**PROMPT:**
In the records below, begin at the line that has "destruct Hv as [<- | <-]; simpl; auto." and stop after the line that has "- intros X _ [f [_ []]]."; quote those lines verbatim and nothing more.

******

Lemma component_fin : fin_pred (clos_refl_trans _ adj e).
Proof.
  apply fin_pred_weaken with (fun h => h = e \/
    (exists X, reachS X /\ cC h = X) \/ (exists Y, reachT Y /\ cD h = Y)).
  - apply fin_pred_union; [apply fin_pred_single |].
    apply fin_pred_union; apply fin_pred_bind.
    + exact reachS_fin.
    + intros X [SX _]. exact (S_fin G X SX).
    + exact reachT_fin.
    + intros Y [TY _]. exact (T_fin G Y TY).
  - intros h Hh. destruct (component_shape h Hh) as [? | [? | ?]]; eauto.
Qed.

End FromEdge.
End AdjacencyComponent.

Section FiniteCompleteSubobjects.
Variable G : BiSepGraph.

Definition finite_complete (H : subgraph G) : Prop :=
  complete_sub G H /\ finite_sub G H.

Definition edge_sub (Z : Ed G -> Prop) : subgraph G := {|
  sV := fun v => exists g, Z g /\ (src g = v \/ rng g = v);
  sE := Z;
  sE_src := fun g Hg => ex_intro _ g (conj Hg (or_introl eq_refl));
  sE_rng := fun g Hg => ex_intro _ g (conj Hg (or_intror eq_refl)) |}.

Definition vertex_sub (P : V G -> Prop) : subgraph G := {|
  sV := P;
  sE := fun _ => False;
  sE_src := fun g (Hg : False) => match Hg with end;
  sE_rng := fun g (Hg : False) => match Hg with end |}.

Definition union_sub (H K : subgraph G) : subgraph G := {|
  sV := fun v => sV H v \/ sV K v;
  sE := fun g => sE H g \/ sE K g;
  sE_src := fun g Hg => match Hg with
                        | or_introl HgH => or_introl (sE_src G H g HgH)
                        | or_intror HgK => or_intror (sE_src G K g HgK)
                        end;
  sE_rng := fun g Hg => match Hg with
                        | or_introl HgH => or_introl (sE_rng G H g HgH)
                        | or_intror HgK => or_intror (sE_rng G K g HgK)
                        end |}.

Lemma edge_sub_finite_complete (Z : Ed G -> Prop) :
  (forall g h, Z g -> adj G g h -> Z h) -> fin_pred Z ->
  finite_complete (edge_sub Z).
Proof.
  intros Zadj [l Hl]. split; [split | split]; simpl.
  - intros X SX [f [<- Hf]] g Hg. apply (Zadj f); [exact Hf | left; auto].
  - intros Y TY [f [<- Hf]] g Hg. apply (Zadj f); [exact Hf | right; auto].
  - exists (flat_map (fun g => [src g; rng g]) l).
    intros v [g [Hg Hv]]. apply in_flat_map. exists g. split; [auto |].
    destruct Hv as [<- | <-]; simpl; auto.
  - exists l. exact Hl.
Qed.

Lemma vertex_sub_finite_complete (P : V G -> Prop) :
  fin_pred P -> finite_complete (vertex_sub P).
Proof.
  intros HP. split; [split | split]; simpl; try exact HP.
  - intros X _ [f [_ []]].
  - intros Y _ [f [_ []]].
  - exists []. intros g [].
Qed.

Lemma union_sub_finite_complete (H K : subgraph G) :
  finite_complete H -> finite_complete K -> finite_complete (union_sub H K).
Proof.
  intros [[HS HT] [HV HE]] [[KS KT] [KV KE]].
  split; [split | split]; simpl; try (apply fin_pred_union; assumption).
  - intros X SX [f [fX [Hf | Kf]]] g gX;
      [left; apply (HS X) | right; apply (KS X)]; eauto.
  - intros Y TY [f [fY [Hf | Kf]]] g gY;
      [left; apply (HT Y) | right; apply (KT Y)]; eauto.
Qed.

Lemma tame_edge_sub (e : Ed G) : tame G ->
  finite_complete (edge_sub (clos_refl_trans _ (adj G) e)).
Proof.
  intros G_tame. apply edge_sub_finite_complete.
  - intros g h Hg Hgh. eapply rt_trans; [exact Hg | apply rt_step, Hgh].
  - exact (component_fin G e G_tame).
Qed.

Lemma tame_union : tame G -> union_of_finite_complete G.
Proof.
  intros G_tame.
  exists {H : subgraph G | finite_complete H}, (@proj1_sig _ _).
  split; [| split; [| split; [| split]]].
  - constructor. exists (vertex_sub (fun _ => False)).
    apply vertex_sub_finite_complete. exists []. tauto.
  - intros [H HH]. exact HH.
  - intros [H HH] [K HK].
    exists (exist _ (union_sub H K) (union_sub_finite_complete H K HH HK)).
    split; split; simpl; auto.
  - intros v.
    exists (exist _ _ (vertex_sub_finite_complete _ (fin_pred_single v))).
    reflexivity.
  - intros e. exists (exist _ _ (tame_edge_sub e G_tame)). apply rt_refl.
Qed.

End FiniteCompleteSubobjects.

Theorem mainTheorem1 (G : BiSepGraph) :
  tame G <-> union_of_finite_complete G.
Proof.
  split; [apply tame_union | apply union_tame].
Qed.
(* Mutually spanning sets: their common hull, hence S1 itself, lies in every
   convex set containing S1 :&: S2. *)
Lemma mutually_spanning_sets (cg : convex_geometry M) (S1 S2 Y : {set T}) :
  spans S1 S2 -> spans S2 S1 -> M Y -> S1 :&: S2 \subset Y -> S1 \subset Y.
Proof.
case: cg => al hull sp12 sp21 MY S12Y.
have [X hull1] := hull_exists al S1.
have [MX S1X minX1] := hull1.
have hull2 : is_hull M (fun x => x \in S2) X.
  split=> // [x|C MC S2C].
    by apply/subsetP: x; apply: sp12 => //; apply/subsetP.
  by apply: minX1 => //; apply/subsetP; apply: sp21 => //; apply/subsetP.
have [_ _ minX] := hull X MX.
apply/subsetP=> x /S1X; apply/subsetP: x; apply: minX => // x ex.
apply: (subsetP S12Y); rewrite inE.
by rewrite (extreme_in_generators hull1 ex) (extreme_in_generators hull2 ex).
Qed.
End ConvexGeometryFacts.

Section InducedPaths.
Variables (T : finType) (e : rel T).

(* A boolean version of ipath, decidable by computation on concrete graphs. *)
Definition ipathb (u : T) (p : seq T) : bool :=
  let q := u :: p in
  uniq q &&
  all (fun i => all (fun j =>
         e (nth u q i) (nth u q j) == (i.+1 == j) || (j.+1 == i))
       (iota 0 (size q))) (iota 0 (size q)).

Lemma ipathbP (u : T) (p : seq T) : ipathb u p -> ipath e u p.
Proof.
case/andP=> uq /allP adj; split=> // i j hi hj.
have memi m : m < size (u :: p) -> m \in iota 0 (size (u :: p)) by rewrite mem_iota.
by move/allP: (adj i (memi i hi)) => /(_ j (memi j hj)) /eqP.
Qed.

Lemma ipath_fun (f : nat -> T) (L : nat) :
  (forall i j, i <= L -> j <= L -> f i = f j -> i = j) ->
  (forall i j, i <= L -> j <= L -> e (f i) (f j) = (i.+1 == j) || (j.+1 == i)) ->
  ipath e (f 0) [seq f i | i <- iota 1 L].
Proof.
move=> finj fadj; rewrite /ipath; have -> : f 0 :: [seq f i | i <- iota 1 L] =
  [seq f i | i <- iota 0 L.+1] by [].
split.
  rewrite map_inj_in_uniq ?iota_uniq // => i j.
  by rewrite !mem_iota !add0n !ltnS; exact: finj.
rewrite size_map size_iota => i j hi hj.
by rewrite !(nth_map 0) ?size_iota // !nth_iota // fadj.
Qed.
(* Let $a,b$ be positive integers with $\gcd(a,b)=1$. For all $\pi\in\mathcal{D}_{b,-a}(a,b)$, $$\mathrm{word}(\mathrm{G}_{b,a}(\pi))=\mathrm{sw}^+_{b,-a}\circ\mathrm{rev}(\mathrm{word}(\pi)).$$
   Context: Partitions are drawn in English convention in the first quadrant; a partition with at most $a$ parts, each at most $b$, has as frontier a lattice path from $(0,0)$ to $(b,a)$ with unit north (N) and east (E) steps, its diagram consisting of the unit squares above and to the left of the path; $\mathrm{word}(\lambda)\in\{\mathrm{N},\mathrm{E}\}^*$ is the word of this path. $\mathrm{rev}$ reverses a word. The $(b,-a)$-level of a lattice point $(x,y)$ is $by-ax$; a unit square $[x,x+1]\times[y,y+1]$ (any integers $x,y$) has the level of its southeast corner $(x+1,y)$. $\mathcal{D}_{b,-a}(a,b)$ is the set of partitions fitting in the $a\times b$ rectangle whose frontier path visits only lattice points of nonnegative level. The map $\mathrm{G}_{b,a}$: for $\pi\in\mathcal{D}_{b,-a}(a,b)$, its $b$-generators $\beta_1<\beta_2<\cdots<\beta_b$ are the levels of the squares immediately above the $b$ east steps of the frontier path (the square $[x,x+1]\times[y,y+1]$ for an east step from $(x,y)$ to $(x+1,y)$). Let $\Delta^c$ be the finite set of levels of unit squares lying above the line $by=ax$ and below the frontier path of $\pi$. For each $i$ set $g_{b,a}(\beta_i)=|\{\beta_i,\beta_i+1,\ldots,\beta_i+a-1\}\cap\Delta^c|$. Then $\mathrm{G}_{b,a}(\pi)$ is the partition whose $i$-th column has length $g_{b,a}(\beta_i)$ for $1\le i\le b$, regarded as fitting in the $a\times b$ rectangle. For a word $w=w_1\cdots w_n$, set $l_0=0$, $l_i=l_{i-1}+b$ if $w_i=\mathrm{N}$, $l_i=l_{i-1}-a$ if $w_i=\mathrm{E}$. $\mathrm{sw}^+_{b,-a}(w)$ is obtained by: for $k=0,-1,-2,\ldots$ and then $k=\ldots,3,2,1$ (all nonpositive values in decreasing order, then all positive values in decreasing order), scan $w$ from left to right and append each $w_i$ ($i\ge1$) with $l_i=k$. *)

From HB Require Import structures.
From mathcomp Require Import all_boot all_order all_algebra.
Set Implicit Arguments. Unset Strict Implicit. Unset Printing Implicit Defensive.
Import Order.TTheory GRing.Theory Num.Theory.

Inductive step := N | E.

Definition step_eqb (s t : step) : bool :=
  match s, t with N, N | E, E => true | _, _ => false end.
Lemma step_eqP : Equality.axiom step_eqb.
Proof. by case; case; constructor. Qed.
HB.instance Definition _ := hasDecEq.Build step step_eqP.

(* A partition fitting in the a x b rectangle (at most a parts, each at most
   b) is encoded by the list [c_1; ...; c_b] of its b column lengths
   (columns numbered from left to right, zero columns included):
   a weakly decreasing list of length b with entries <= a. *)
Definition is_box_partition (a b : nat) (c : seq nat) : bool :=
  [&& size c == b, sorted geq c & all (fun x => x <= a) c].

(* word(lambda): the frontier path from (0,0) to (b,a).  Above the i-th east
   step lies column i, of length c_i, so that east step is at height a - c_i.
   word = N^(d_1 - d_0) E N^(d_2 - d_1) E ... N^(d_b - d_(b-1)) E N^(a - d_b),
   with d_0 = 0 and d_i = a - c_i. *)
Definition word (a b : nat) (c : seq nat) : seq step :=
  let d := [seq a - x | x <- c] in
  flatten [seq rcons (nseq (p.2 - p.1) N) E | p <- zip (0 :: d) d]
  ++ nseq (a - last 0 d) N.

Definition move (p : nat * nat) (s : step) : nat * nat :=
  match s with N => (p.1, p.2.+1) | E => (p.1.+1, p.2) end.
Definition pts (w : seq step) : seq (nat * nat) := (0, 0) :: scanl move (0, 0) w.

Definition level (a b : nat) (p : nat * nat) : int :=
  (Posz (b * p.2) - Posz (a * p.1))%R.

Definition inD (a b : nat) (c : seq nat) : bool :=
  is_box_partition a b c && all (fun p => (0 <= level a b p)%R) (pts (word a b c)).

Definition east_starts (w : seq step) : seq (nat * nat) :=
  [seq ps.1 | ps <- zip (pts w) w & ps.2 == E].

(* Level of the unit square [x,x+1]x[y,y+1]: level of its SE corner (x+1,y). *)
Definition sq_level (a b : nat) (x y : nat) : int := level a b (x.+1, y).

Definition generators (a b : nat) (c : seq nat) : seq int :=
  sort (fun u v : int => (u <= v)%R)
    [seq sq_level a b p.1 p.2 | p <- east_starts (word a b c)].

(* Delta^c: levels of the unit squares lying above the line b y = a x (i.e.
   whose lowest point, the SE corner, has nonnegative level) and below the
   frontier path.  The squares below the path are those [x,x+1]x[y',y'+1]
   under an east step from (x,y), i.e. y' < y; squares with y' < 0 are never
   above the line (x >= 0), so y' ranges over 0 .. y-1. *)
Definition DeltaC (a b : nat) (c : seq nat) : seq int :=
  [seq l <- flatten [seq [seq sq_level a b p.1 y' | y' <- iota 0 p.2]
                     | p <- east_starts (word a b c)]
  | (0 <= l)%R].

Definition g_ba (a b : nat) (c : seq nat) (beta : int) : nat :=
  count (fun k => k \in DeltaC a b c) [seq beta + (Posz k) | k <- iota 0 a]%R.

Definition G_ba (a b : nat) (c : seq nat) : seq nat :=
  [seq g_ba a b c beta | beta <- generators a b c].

******

**FINISHED TASK:**
    destruct Hv as [<- | <-]; simpl; auto.
  - exists l. exact Hl.
Qed.

Lemma vertex_sub_finite_complete (P : V G -> Prop) :
  fin_pred P -> finite_complete (vertex_sub P).
Proof.
  intros HP. split; [split | split]; simpl; try exact HP.
  - intros X _ [f [_ []]].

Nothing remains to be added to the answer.